Yesterday I had a gigantic review packet to make copies of, and as I lifted the stack of freshly printed pages, over a ream high, I had a flash back to my first real experience with university copy machines. It’s May of 2007, the script for the second fifty minute film my friends and I made has just been finalized, and my sister and I have gone with our dad to use the copier at his office.
The script is about twenty pages long, and we describe it as “an anachronistic romantic comedy.” It is our triumph, this work. We have built a film around our strengths, the games we play, and the fantasy world we grew up in. Our actors are cast in roles that we know they will thrive in. A few costumes have been created, a few more are in the works. We’ve rehearsed some scenes, done improve games in character, built a set, tested it, dismantled it and rebuilt it in a space that worked better. We’ve tested cameras, the microphone, and various methods of lighting. And now–now the script is being printed. Now the dream is a concrete thing which we can hold in our hands.
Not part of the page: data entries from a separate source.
Lemma sum_omega_term_recr (x g : 'I_m.+1 -> F) :
  \sum_I omega_term t x g I
  = \sum_(J : {set 'I_m}) omega_term t (omit ord_max x) (omit ord_max g) J
      * (\prod_(i in J) tratio t (omit ord_max x i) (x ord_max)
         - t ^+ #|J| * g ord_max * \prod_(w in ~: J) tratio t (x ord_max) (omit ord_max x w)).
Proof.
rewrite sum_set_ord_recr; apply: eq_bigr => J _.
rewrite /omega_term /omit cardsU1 max_notin_lift_imset card_imset; last exact: lift_inj.
rewrite setC_max_lift_imset !big_setU1 ?max_notin_lift_imset //= !prod_lift_imset.
have inner : \prod_(i in J) \prod_(j in lift ord_max @: ~: J) tratio t (x (lift ord_max i)) (x j)
    = \prod_(i in J) \prod_(j in ~: J) tratio t (x (lift ord_max i)) (x (lift ord_max j)).
  by apply: eq_bigr => i _; rewrite prod_lift_imset.
under eq_bigr do rewrite prod_setC_lift_imset.
rewrite inner big_split /= add1n exprS binS bin1 exprD; ring.
Qed.

End OmegaRecursion.

Definition last_weight (F : fieldType) (t : F) m n (x : 'I_m.+1 -> F) (y : 'I_n -> F)
    (k : 'I_n) : F :=
  y k / (x ord_max - t * y k) * \prod_(i | i != k) tratio t (y i) (y k)
  * \prod_(i < m) ((omit ord_max x i - y k) / (omit ord_max x i - t * y k)).

Section Recursion.
Variables (F : fieldType) (t : F).
Hypothesis t_neq0 : t != 0.

Lemma yfactor_omit n (y : 'I_n.+1 -> F) k v :
  yfactor t y v = (v - y k) / (v - t * y k) * yfactor t (omit k y) v.
Proof. by rewrite /yfactor (bigD1_ord k). Qed.

Lemma prod_mul_omega_omit m n (x : 'I_m -> F) (y : 'I_n.+1 -> F) k :
  \prod_(i < m) ((x i - y k) / (x i - t * y k)) * omega x (omit k y) t
  = \sum_(J : {set 'I_m}) omega_term t x (fun i => yfactor t y (x i)) J
      * \prod_(w in ~: J) ((x w - y k) / (x w - t * y k)).
Proof.
rewrite omegaE mulr_sumr; apply: eq_bigr => J _.
have split_k i : yfactor t y (x i)
    = yfactor t (omit k y) (x i) * ((x i - y k) / (x i - t * y k)).
  by rewrite (yfactor_omit y k) mulrC.
have split_J : \prod_(i < m) ((x i - y k) / (x i - t * y k))
    = \prod_(i in J) ((x i - y k) / (x i - t * y k))
      * \prod_(i in ~: J) ((x i - y k) / (x i - t * y k)).
  rewrite (bigID (mem J)) /=; congr (_ * _).
  by apply: eq_bigl => i; rewrite !inE.
by rewrite (omega_termM _ _ _ split_k) split_J; ring.
Qed.

(* Summed against the terms of omega, the right-hand side vanishes by
   [sum_omega_term_setU1]. *)
Lemma omega_recr_summand (I K : finType) (x : I -> F) (u : F) (y : K -> F)
    (J : {set I}) :
  injective x -> injective y -> (forall i, u != x i) -> (forall k, u != t * y k) ->
  (forall i k, x i != t * y k) ->
  t ^+ #|K| * (\prod_(i in J) tratio t (x i) u
               - t ^+ #|J| * yfactor t y u * \prod_(w in ~: J) tratio t u (x w))
  - t ^+ #|I|.+1 * ((1 - t) * \sum_k (y k / (u - t * y k)
        * \prod_(i | i != k) tratio t (y i) (y k)
        * \prod_(w in ~: J) ((x w - y k) / (x w - t * y k))))
  = - (t ^+ #|K| * (1 - t)
       * (\sum_(j in J) (x j / (u - x j) * \prod_(i in J :\ j) tratio t (x i) (x j))
          + t ^+ #|J| * \sum_(w in ~: J) (x w / (u - x w) * yfactor t y (x w)
                              * \prod_(w' in ~: J :\ w) tratio t (x w) (x w')))).
Proof.
move=> x_inj y_inj u_x u_y x_y.
rewrite -(cardsC J) -addnS exprD -[t ^+ #|J| * t ^+ #|~: J|.+1 * _]mulrA.
rewrite (yfactor_partial_fraction t_neq0 (~: J) y_inj x_inj u_x u_y x_y).
by rewrite (prod_tratio_partial_fraction t_neq0 J x_inj u_x); ring.
Qed.

Lemma sum_last_weight_omega m n (x : 'I_m.+1 -> F) (y : 'I_n.+1 -> F) :
  \sum_k last_weight t x y k * omega (omit ord_max x) (omit k y) t
  = \sum_(J : {set 'I_m})
      omega_term t (omit ord_max x) (fun i => yfactor t y (omit ord_max x i)) J
      * \sum_k (y k / (x ord_max - t * y k) * \prod_(i | i != k) tratio t (y i) (y k)
                * \prod_(w in ~: J) ((omit ord_max x w - y k)
                                     / (omit ord_max x w - t * y k))).
Proof.
have weighted k : last_weight t x y k * omega (omit ord_max x) (omit k y) t
    = \sum_(J : {set 'I_m})
        omega_term t (omit ord_max x) (fun i => yfactor t y (omit ord_max x i)) J
        * (y k / (x ord_max - t * y k) * \prod_(i | i != k) tratio t (y i) (y k)
           * \prod_(w in ~: J) ((omit ord_max x w - y k)
                                / (omit ord_max x w - t * y k))).
  have := prod_mul_omega_omit (omit ord_max x) y k; rewrite /last_weight => E.
  by rewrite -mulrA E mulr_sumr; apply: eq_bigr => J _; ring.
rewrite (eq_bigr _ (fun k _ => weighted k)) exchange_big.
by apply: eq_bigr => J _; rewrite mulr_sumr.
Qed.

Lemma omega_recr m n (x : 'I_m.+1 -> F) (y : 'I_n.+1 -> F) :
  injective x -> injective y -> (forall i j, x i != t * y j) ->
  t ^+ n * omega x y t
  = t ^+ m * (1 - t)
    * \sum_k last_weight t x y k * omega (omit ord_max x) (omit k y) t.
Proof.
move=> x_inj y_inj x_y; set x' := omit ord_max x; set u := x ord_max.
have x'_inj : injective x' := inj_comp x_inj (@lift_inj _ ord_max).
have u_x' i : u != x' i by rewrite (inj_eq x_inj) neq_lift.
have x'_y i k : x' i != t * y k by exact: x_y.
set c := omega_term t x' (fun i => yfactor t y (x' i)).
pose P (J : {set 'I_m}) := \prod_(i in J) tratio t (x' i) u.
pose Q (J : {set 'I_m}) := \prod_(w in ~: J) tratio t u (x' w).
pose Phi (J : {set 'I_m}) := \sum_k (y k / (u - t * y k)
  * \prod_(i | i != k) tratio t (y i) (y k) * \prod_(w in ~: J) ((x' w - y k) / (x' w - t * y k))).
pose R (J : {set 'I_m}) :=
  \sum_(j in J) (x' j / (u - x' j) * \prod_(i in J :\ j) tratio t (x' i) (x' j)).
pose S (J : {set 'I_m}) := \sum_(w in ~: J)
  (x' w / (u - x' w) * yfactor t y (x' w) * \prod_(w' in ~: J :\ w) tratio t (x' w) (x' w')).
have summand J :
  c J * (t ^+ n.+1 * (P J - t ^+ #|J| * yfactor t y u * Q J) - t ^+ m.+1 * ((1 - t) * Phi J))
  = - (t ^+ n.+1 * (1 - t)) * (c J * R J + c J * (t ^+ #|J| * S J)).
  have := omega_recr_summand J x'_inj y_inj u_x' (fun k => x_y _ k) x'_y.
  by rewrite !card_ord /R /S => ->; ring.
rewrite omegaE sum_omega_term_recr sum_last_weight_omega.
apply: (mulfI t_neq0); apply/eqP; rewrite -subr_eq0 !mulr_sumr -sumrB.
rewrite (eq_bigr (fun J => c J * (t ^+ n.+1 * (P J - t ^+ #|J| * yfactor t y u * Q J)
                                  - t ^+ m.+1 * ((1 - t) * Phi J)))); last first.
  by move=> J _; rewrite /c /P /Q /Phi /x' /u /omit /= !exprS; ring.
rewrite (eq_bigr _ (fun J _ => summand J)) -mulr_sumr big_split /= /R /S /c.
by rewrite sum_omega_term_setU1 subrr mulr0.
Qed.

End Recursion.

Definition extend m n (k : 'I_n.+1) (l : {ffun 'I_m -> 'I_n}) : {ffun 'I_m.+1 -> 'I_n.+1} :=
  [ffun i => if unlift ord_max i is Some j then lift k (l j) else k].

Section Extend.
Variables (m n : nat) (k : 'I_n.+1) (l : {ffun 'I_m -> 'I_n}).

Lemma extend_max : extend k l ord_max = k.
Proof. by rewrite ffunE unlift_none. Qed.

Lemma extend_lift j : extend k l (lift ord_max j) = lift k (l j).
Proof. by rewrite ffunE liftK. Qed.

Lemma injectiveb_extend : injectiveb (extend k l) = injectiveb l.
Proof.
apply/injectiveP/injectiveP => l_inj.
  by move=> a b eq_ab; apply/(@lift_inj _ ord_max)/l_inj; rewrite !extend_lift eq_ab.
move=> a b; case: (unliftP ord_max a) => [a' ->|->]; case: (unliftP ord_max b) => [b' ->|->];
  rewrite ?extend_max ?extend_lift //.
- by move/lift_inj/l_inj->.
- by move/eqP; rewrite eq_sym (negbTE (neq_lift _ _)).
- by move/eqP; rewrite (negbTE (neq_lift _ _)).
Qed.

Lemma mem_codom_extend_lift i : (lift k i \in codom (extend k l)) = (i \in codom l).
Proof.
apply/codomP/codomP => -[a].
  case: (unliftP ord_max a) => [a' ->|->]; rewrite ?extend_max ?extend_lift.
    by move/lift_inj->; exists a'.
  by move/eqP; rewrite eq_sym (negbTE (neq_lift _ _)).
by move->; exists (lift ord_max a); rewrite extend_lift.
Qed.

Lemma mem_codom_extend : k \in codom (extend k l).
Proof. by apply/codomP; exists ord_max; rewrite extend_max. Qed.

End Extend.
We will spend a week and a half doing nothing other than film work, and much of the rest of the summer picking up bits here and there that were missed and editing our footage.
We lose track of the number of pages we’ve printed and how much this is supposed to cost, so we just shove our dollar bills into the can that usually accepts dimes. The scripts come off of the copier, warm, crisp copies.
In the night air as we walked to the car, they glowed. The portend gave us heart, and we moved boldly forward into a grand summer of filming.